I am sometimes asked whether doing a PhD was worth it, given that I left academia and research to become a full-time software developer. My answer is an unequivocal “yes”, despite the fact that my thesis is about as relevant to what I do now as a book on the sex lives of giraffes.
By far the most important skill I learnt during that time was not any particular technical knowledge, but rather a general approach to critical thinking—how to evaluate evidence and make rational choices. In a profession such as software engineering, where we are constantly bombarded with new technologies, products and architectural styles, it is absolutely essential to be able to step back and evaluate the pros and cons to form sensible technology choices. In this post I’ll try and summarise the approach I take to making these decisions.

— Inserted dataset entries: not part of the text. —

Lemma run_update_tie i c m Q k : (0 < n)%N -> (i < n)%N -> (c <= W)%N -> (wn w i <= c)%N ->
  (dp w v i c).1 = (dp w v i (c - wn w i)).1 + vn v i ->
  bounded L M%:Z m -> inner_inv i c m ->
  (forall m', bounded L M%:Z m' -> inner_inv i (c - 1) m' -> reaches_from Q 88 m' k) ->
  reaches_from Q 88 m (22 + k).
Proof.
move=> n_gt0 lt_in le_cW le_wc cmp bm inv cont.
have [W_B n_B B_M] := input_bounds; have [wi_gt0 wi_B vi_B] := item_bounds lt_in.
have [val_c cnt_c val_cw cnt_cw] := inner_inv_cells le_wc le_cW inv.
have [d1 d2] := @dp_bounds i c (ltnW lt_in).
have [e1 e2] := @dp_bounds i (c - wn w i)%N (ltnW lt_in).
have cells := cell_bound n_gt0.
case: inv => [[r3 [r4 [r5 [r6 [r7 [r8 r9]]]]]] [inputs [r10 [r11 [r12 tab]]]]].
step; step_taken; step; step.
step_load (Dval + c)%N.
step_load (Dval + (c - wn w i))%N.
step; step; step_taken; step; step_taken; step; step.
step_load (Dcnt + (c - wn w i))%N.
step_load (Dcnt + c)%N.
do 3 step.
step_store (Dcnt + c)%N.
do 3 step.
apply: cont; first bounded_hyp.
split; first by repeat split; rd_simpl; arith.
split; first by move=> j lt_jn; rd_simpl; apply: inputs.
do 3 (split; first by rd_simpl; arith).
move=> c' le_c'W; cbv beta; case: (eqVneq c' c) => [->|ne].
  rewrite (_ : (c <= c - 1)%N = false); last lia.
  by rewrite dpS_ge // comb_eq //; rd_simpl; simpl fst; simpl snd; split; arith.
by rewrite (_ : (c' <= c - 1)%N = (c' <= c)%N); [rd_simpl; exact: tab | lia].
Qed.

Lemma run_update i c m Q k : (0 < n)%N -> (i < n)%N -> (c <= W)%N -> (wn w i <= c)%N ->
  bounded L M%:Z m -> inner_inv i c m ->
  (forall m', bounded L M%:Z m' -> inner_inv i (c - 1) m' -> reaches_from Q 88 m' k) ->
  reaches_from Q 88 m (22 + k).
Proof.
move=> n_gt0 lt_in le_cW le_wc bm inv cont.
case: (ltrgtP ((dp w v i (c - wn w i)).1 + vn v i) (dp w v i c).1) => cmp.
- apply: (reaches_mono (k := (13 + k)%N)); first lia.
  exact: run_update_keep cmp bm inv cont.
- apply: (reaches_mono (k := (20 + k)%N)); first lia.
  exact: run_update_take cmp bm inv cont.
- exact: run_update_tie (esym cmp) bm inv cont.
Qed.

Lemma run_inner_loop i Q k c m : (0 < n)%N -> (i < n)%N -> (c <= W)%N ->
  bounded L M%:Z m -> inner_inv i c m ->
  (forall m', bounded L M%:Z m' -> outer_inv i.+1 m' -> reaches_from Q 82 m' k) ->
  reaches_from Q 88 m (22 * c + 30 + k).
Proof.
move=> n_gt0 lt_in; have [wi_gt0 _ _] := item_bounds lt_in.
elim: c m => [|c IH] m le_cW bm inv cont.
  apply: (reaches_mono (k := (8 + k)%N)); first lia.
  exact: run_inner_exit wi_gt0 bm inv cont.
case: (ltnP c.+1 (wn w i)) => [lt_cw | le_wc].
  apply: (reaches_mono (k := (8 + k)%N)); first lia.
  exact: run_inner_exit lt_cw bm inv cont.
rewrite (_ : (22 * c.+1 + 30 + k = 22 + (22 * c + 30 + k))%N); last lia.
apply: (run_update n_gt0 lt_in le_cW le_wc bm inv) => m' bm' inv'.
by apply: IH bm' _ cont; [lia | rewrite subn1 in inv'].
Qed.

Lemma run_outer_loop Q k d i m : (0 < n)%N -> (i + d = n)%N ->
  bounded L M%:Z m -> outer_inv i m ->
  (forall m', bounded L M%:Z m' -> rd m' 0 = ((dp w v n W).2)%:Z -> reaches_from Q 127 m' k) ->
  reaches_from Q 82 m (d * (22 * W + 36) + 6 + k).
Proof.
move=> n_gt0; elim: d i m => [|d IH] i m id_n bm inv cont.
  rewrite addn0 in id_n; subst i; rewrite mul0n add0n.
  exact: run_outer_exit n_gt0 bm inv cont.
have lt_in : (i < n)%N by lia.
rewrite (_ : (d.+1 * (22 * W + 36) + 6 + k
              = 6 + (22 * W + 30 + (d * (22 * W + 36) + 6 + k)))%N); last lia.
apply: (run_outer_step n_gt0 lt_in bm inv) => m1 bm1 inv1.
apply: (run_inner_loop n_gt0 lt_in (leqnn W) bm1 inv1) => m2 bm2 inv2.
by apply: IH bm2 inv2 cont; lia.
Qed.

Lemma zwords_lt_M z : `|z| < M%:Z -> (zwords ws z <= K)%N.
Proof. by move=> z_M; apply: zwords_leq; [exact: word_size_gt0 | lia | lia]. Qed.

Lemma bounded_inp L' : (2 * n + 2 <= L')%N -> bounded L' M%:Z inp.
Proof.
move=> le_L'; have := B_lt_M => B_M; apply/andP; split; first by rewrite size_inp.
by apply/allP => z /inp_lt_B; lia.
Qed.

Lemma prog_correct_nonempty : (0 < n)%N -> exists fuel m T S,
  exec prog fuel inp = Some (m, T, S) /\ rd m 0 = ((dp w v n W).2)%:Z /\
  (T <= 5000 * (n ^ 2 * W + 1))%N /\ (S <= 5000 * (n ^ 2 * W + 1))%N.
Proof.
move=> n_gt0; have b0 : bounded L M%:Z inp by apply: bounded_inp; lia.
pose Q pc m := pc = 127%N /\ rd m 0 = ((dp w v n W).2)%:Z.
have r0 : reaches_from Q 0 inp
    (59 + (9 * (2 * n - 1) + 3 + (14 + (n * (22 * W + 36) + 6 + 0)))).
  apply: (run_copy_start n_gt0 b0) => m1 b1 inv1.
  have copy_all : (2 * n - 1 + 2 = 2 * n + 1)%N by lia.
  apply: (run_copy_loop (d := 2 * n - 1) n_gt0 _ b1); [lia | by rewrite copy_all |].
  move=> m2 b2 inv2; apply: (run_setup n_gt0 b2 inv2) => m3 b3 inv3.
  apply: (run_outer_loop n_gt0 (add0n n) b3 inv3) => m4 _ rd0.
  exact: reaches_done.
have halts pc m : Q pc m -> step ws prog pc m = None by case=> -> _.
have [pc [m [fuel [T [S [[_ rd0] run_ok le_T le_S]]]]]] :=
  run_of_reaches M_gt0 zwords_lt_M 0 (mem_space ws inp) r0 b0 halts.
exists fuel, m, T, S; split => //; split => //; split.
  by apply: leq_trans le_T _; rewrite add0n time_bound_arith.
by have := mem_space_bounded zwords_lt_M b0; have := space_bound_arith n_gt0 W_gt0; lia.
Qed.

Lemma prog_correct_empty : n = 0%N -> exists fuel m T S,
  exec prog fuel inp = Some (m, T, S) /\ rd m 0 = ((dp w v n W).2)%:Z /\
  (T <= 5000 * (n ^ 2 * W + 1))%N /\ (S <= 5000 * (n ^ 2 * W + 1))%N.
Proof.
(* Without items the run never leaves the two input cells, so the space bound does not
   depend on W. *)
move=> n0; have b0 : bounded 2 M%:Z inp by apply: bounded_inp; rewrite n0.
have := B_lt_M => B_M.
pose Q pc m := pc = 129%N /\ rd m 0 = 1.
have r0 : reaches ws 2 M%:Z prog Q 0 inp 2.
  have rd1 : rd inp 1 = n%:Z by [].
  step_taken; step.
  by apply: reaches_done; split => //; rd_simpl.
have halts pc m : Q pc m -> step ws prog pc m = None by case=> -> _.
have [pc [m [fuel [T [S [[_ rd0] run_ok le_T le_S]]]]]] :=
  run_of_reaches M_gt0 zwords_lt_M 0 (mem_space ws inp) r0 b0 halts.
have dp_empty i : i = 0%N -> (dp w v i W).2 = 1%N by move=> ->.
exists fuel, m, T, S; split => //; split; first by rewrite rd0 dp_empty.
have n9 : (n + 9 = 9)%N by rewrite n0.
have sp := mem_space_bounded zwords_lt_M b0; rewrite n9 in le_T le_S sp.
have le_5000 : (5000 <= 5000 * (n ^ 2 * W + 1))%N by rewrite leq_pmulr ?addn1.
lia.
Qed.
(* Let $E\subseteq D$ be a subspace of the Fischer space $\Pi(D)$, i.e., $d^e\in E$ for all $d,e\in E$. Then the algebra $\mathcal{A}(D)/\mathcal{V}(D)$ contains a subalgebra that has a quotient isomorphic to $\mathcal{A}(E)/\mathcal{V}(E)$.
   Context: Let $G$ be a group generated by a conjugacy class $D$ of involutions such that for all $d,e\in D$ the order of $de$ is $1$, $2$ or $3$. The Fischer space $\Pi(D)$ has point set $D$ and lines the triples $\{d,e,d^e\}$ with $d,e\in D$ non-commuting. $\mathcal{A}(D)$ is the $\mathbb{F}_2$-vector space with basis $D$ (finite subsets under symmetric difference), with bilinear product determined by $d*e=d+e+f$ if $\{d,e,f\}$ is a line and $d*e=0$ otherwise. The bilinear form is determined by $\langle d,e\rangle=1$ if $d,e$ do not commute and $0$ otherwise, and $\mathcal{V}(D)$ is its radical. For the subspace $E$, $\mathcal{A}(E)$ is the subalgebra of $\mathcal{A}(D)$ spanned by $E$ (the same construction applied to $E$ and the lines contained in $E$), and $\mathcal{V}(E)$ is the radical of the restriction of $\langle\cdot,\cdot\rangle$ to $\mathcal{A}(E)$. *)

From HB Require Import structures.
From mathcomp Require Import all_boot.
From mathcomp Require Import finmap.

Set Implicit Arguments.
Unset Strict Implicit.
Unset Printing Implicit Defensive.

Local Open Scope fset_scope.

Section Fischer.
Variable G : groupType.
Local Open Scope group_scope.

Definition involution (x : G) : Prop := x != 1 /\ x * x = 1.

Definition is_conj_class (D : pred G) : Prop :=
  exists d0 : G, forall x : G, D x <-> exists g : G, x = d0 ^ g.

(* G is generated by D: every element of G is a finite product of
   elements of D (D is closed under inverses, as it consists of involutions;
   the empty product is 1). *)
Definition generates (D : pred G) : Prop :=
  forall g : G, exists s : seq G, all D s /\ g = foldr (fun a b => a * b) 1 s.

Definition order_le3 (x : G) : Prop :=
  x ^+ 1 = 1 \/ x ^+ 2 = 1 \/ x ^+ 3 = 1.

Definition fischer_subspace (D E : pred G) : Prop :=
  {subset E <= D} /\ forall d e, E d -> E e -> E (d ^ e).

(* An element of A(S) (for S = D or S = E) is a finite subset x of S,
   viewed as the formal F_2-sum of its elements. *)
Definition supported (S : pred G) (x : {fset G}) : Prop := {subset x <= S}.

Definition addv (x y : {fset G}) : {fset G} := (x `\` y) `|` (y `\` x).

Definition commb (d e : G) : bool := d * e == e * d.

(* product of basis elements: d*e = d + e + d^e if {d,e,d^e} is a line
   (i.e. d, e do not commute), and 0 otherwise *)
Definition mul1 (d e : G) : {fset G} :=
  if commb d e then fset0 else addv (addv [fset d] [fset e]) [fset d ^ e].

Critical thinking has a long history, with modern Western critique having its roots in the Enlightenment. It is hard to summarise this long tradition of thought, but the basic theme is one of moving away from accepting arguments on authority or dogma, and instead placing emphasis on reasoning and evidence.
- Deduction applies general rules to known facts to derive new facts that follow. In other words, given a rule IF a THEN b and known fact a then we can derive b. This is the primary form of reasoning in logic and mathematics.
- Induction attempts to derive general rules from observations and known facts. That is, given observations that b seems to always follow a, then infer the rule IF a THEN b. This is a form of reasoning most closely associated with science.
- Abduction tries to explain observations by reference to general rules and known facts. That is, given an observation of b and knowledge of a general rule IF a THEN b then we can posit that a may also be true. This kind of reasoning is associated with diagnostics and explanation.
Of these three forms, only deduction is usually sound. That is given, true initial facts and sound rules of inference, then the derived facts are guaranteed to also be true. The same is not true of induction or abduction: there may be other rules that provide a better explanation of observations, and there may be many possible causes that could explain an observation.
Unfortunately, much of the reasoning we must do as software engineers is not deductive. Given a number of similar problems and the success or failure of their solutions, we might induce new general design patterns or architectures. Given a number of apparently successful projects that all used a particular product, a vendor may like us to reach the (abductive) conclusion that the product was at least partially responsible for their success. So how do we evaluate these kinds of reasoning if we cannot hope to directly prove them? The answer is to try to gather as much evidence as possible both for and against and to weigh up the pros and cons:
- Adopt a skeptical approach and try to find flaws or mistakes in the reasoning. If you’ve ever presented a paper at an academic conference, you will be well aware of this technique! While it may initially appear as mean-spirited to try to pick holes in other peoples’ work, it serves an absolutely critical purpose. While we may not be able to prove positively that an idea is correct, we can disprove it by finding counterexamples or other flaws. Once we have tried our (collective) hardest to disprove an idea and failed then we begin to have confidence in its validity. This idea is known as falsification (pdf), and is most closely associated with Karl Popper. A theory that it is impossible to disprove is of no value at all.
- Try to find as much evidence for or against an idea as possible, from as wide a number of sources as possible. If we cannot directly prove or disprove an idea, then it will come down to a balance of evidence, and the more we have the better.
- Evaluate the source of evidence and any bias that might be present. For instance, a vendor clearly has an incentive to promote successful uses of their product while downplaying unsuccessful ones. Likewise, a consultancy company has an incentive to promote methodologies and architectures that might drive more use of their services, such as those that are complicated or new (and therefore need most advice).
- What assumptions are being made? Do those assumptions hold for the cases you are considering? For example, an architecture proposed by Google may need to handle hundreds of millions of users and very high load rates. To deal with these high loads they may be willing to accept much higher up-front development costs than may be necessary for a much smaller workload. Do you really need to deploy that big data cluster when all your data would fit into RAM on a single machine?
- Is the proposed solution at an appropriate level of abstraction or generality? While a general solution may seem appealing, if you only need to solve a one-off special case then maybe there are simpler alternatives.
- Discuss the idea with colleagues and friends from as wide a pool as possible. It is very hard for a single individual to shake off their own prejudices and come to a completely dispassionate evaluation of an idea. Only through a process of informed debate can an idea be fully explored.
In the spirit of following my own advice, I would love to hear your thoughts on this article. What have I missed or overlooked? Am I right to emphasise critical thinking for software engineering, or do you think technical skills are more important? I hope this article has got you thinking about how you evaluate the ideas and techniques you encounter every day in your software engineering careers.